Wie groß für manche die Versuchung ist, in der sogenannten staden Zeit Lärm zu erzeugen, das erlebte vor wenigen Tagen die Feuerwehr Burghausen in einer Tiefgarage. Ausgelöst wurde der Alarm durch einen Feuerwerkskörper in der Herrentoilette, der vom Täter vermutlich auf seine Silvestertauglichkeit überprüft wurde.
Nicht nur an Silvester wird geschossen, sondern auch an Heiligabend. Christkindlanschießen nennt man diesen Brauch, was leicht zu Missverständnissen führt. Natürlich wird nicht auf das Christkindl gezielt, sondern seine Ankunft wird mit freudigem Lärm begleitet. Das Böllerschießen ist nicht ungefährlich. Die Historikerin Susanne Mittermaier zitierte kürzlich den Rosenheimer Anzeiger, der anno 1868 seine Leser vor der Ausübung des Brauchs warnte: "Gar mancher Freund des Weihnachtsschießens ist in dieser Nacht zum armen Krüppel geworden oder gar ums Leben gekommen, was hunderte von traurigen Beispielen bestätigen."
Kein Wunder, dass die Knallerei verboten wurde, aber die wenigsten hielten sich daran. Im 19. Jahrhundert wurde der Brauch dann Bestandteil der weihnachtlichen Liturgie. Schon seit fast 400 Jahren wird er von den Weihnachtsschützen des Berchtesgadener Landes gepflegt, die vor Beginn der Christmette mit ihren Handböllern auf den Anhöhen schießen.
Dass der Krach tatsächlich die bösen Geister vertreiben sollte, lasse sich in den alten Quellen nicht belegen, sagte der Regensburger Kulturwissenschaftler Manuel Trummer vor wenigen Tagen im Bayerischen Rundfunk. Darin uralte germanische Rituale zu sehen, sei eine überholte Deutung aus dem 19. Jahrhundert, in dem man auf dem Weg zur Nationalwerdung einen gemeinsamen kulturellen Unterbau schaffen wollte.
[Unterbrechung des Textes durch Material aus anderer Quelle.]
Lemma inv_normaliser_var sg y y' : Rabs sg < eps1 -> in01 y -> in01 y' ->
  Rabs (/ (lam sg * f sg y) - / (lam sg * f sg y'))
    <= / (lam sg * f sg y) * (Kf_hol * rpow (Rabs (y - y')) alpha / Kf_inf).
Proof.
  intros Hs Hy Hy'. pose proof (lam_bounds sg Hs). pose proof Kf_inf_pos.
  pose proof (f_pos sg y Hs Hy). pose proof (f_ge_Kf_inf sg y' Hs Hy').
  replace (/ (lam sg * f sg y) - / (lam sg * f sg y'))
    with (/ (lam sg * f sg y) * ((f sg y' - f sg y) / f sg y')) by (field; lra).
  rewrite Rabs_mult, (Rabs_pos_eq (/ _)) by (left; apply Rinv_0_lt_compat; nra).
  apply Rmult_le_compat_l; [left; apply Rinv_0_lt_compat; nra|].
  unfold Rdiv. rewrite Rabs_mult, Rabs_inv, (Rabs_pos_eq (f sg y')) by lra.
  apply Rmult_le_compat; [apply Rabs_pos | left; apply Rinv_0_lt_compat; lra | |].
  - rewrite Rabs_minus_sym. apply f_holder; auto.
  - apply Rinv_le_contravar; lra.
Qed.

Lemma exp_Df_h_var sg j y y' : Rabs sg < eps1 -> Rabs sg <= 1 -> I j = true -> in01 y -> in01 y' ->
  exp (- (sg * r (h j y')))
    * Rabs (Rabs (Derive (h j) y) * f sg (h j y) - Rabs (Derive (h j) y') * f sg (h j y'))
  <= rpow (Rabs (y - y')) alpha
     * (weight sg y j * (C0 * exp C0 * exp C0) + weight sg y' j * (Kf_hol * C0a / Kf_inf)).
Proof.
  intros Hs Hs1 Hj Hy Hy'. unfold weight. rewrite Hj.
  set (E := exp (- (sg * r (h j y)))). set (E' := exp (- (sg * r (h j y')))).
  set (Dg := Rabs (Derive (h j) y) * f sg (h j y)). set (Dg' := Rabs (Derive (h j) y') * f sg (h j y')).
  set (t := rpow (Rabs (y - y')) alpha).
  destruct (exp_r_h_var sg j y y' Hs1 Hj Hy Hy') as [_ HEE']. fold E E' in HEE'.
  pose proof (Rabs_Df_h_sub_le sg j y y' Hs Hj Hy Hy') as HDD. fold Dg Dg' t in HDD.
  assert (HDg : 0 <= Dg) by (apply Rmult_le_pos; [apply Rabs_pos | left; apply f_pos, h_in01; auto]).
  assert (Ht : 0 <= t) by apply rpow_ge_0. pose proof C0_pos. pose proof (exp_pos C0).
  pose proof Kf_inf_pos. assert (HE' : 0 < E') by apply exp_pos.
  apply Rle_trans with (E' * (Dg * (C0 * t * exp C0) + Dg' * (Kf_hol * C0a * t / Kf_inf))).
  { apply Rmult_le_compat_l; [lra | exact HDD]. }
  assert (E' * Dg * (C0 * t * exp C0) <= E * exp C0 * Dg * (C0 * t * exp C0)).
  { apply Rmult_le_compat_r; [apply Rmult_le_pos; [apply Rmult_le_pos|]; lra|].
    apply Rmult_le_compat_r; lra. }
  replace (E' * (Dg * (C0 * t * exp C0) + Dg' * (Kf_hol * C0a * t / Kf_inf)))
    with (E' * Dg * (C0 * t * exp C0) + t * (E' * Dg' * (Kf_hol * C0a / Kf_inf))) by (field; lra).
  replace (t * (E * Rabs (Derive (h j) y) * f sg (h j y) * (C0 * exp C0 * exp C0)
                + E' * Rabs (Derive (h j) y') * f sg (h j y') * (Kf_hol * C0a / Kf_inf)))
    with (E * exp C0 * Dg * (C0 * t * exp C0) + t * (E' * Dg' * (Kf_hol * C0a / Kf_inf)))
    by (unfold Dg, Dg'; ring).
  lra.
Qed.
Pflegen also die jetzt lebenden Menschen eine rationalere Sicht auf die Welt als etwa die uninformierte Landbevölkerung zur Zeit des Pfarrers Gierl? Diese Frage ist nicht eindeutig zu beantworten, nicht nur wegen abergläubischer Reste im Weihnachtsbrauchtum und der vielen Fake News, die zuhauf gläubige Abnehmer finden. Dazu die Verschwörungstheorien, die Hochkonjunktur haben, auch weil sich immer schrägere Formen des Aberglaubens zu ihnen gesellen, in denen wiederum archetypische Gefühle wie Angst, Hoffnung und Trost zum Ausdruck kommen.
Es scheint so, als bekämen in der immer komplexer werdenden modernen Informationswelt jene Auftrieb, die sich von der Wissenschaft abkehren und dem Aberglauben huldigen. Aber wo die Schatten wachsen, ist das Gute trotzdem nah. Dringend wurde früher davor gewarnt, an Weihnachten im Freien Wäsche aufzuhängen. Denn es bestehe die Gefahr, dass sich Dämonen und Geister darin verfingen. Brauchtumsforscher Roßner aber sagt: In den Trockner könne man die Wäsche ruhig geben.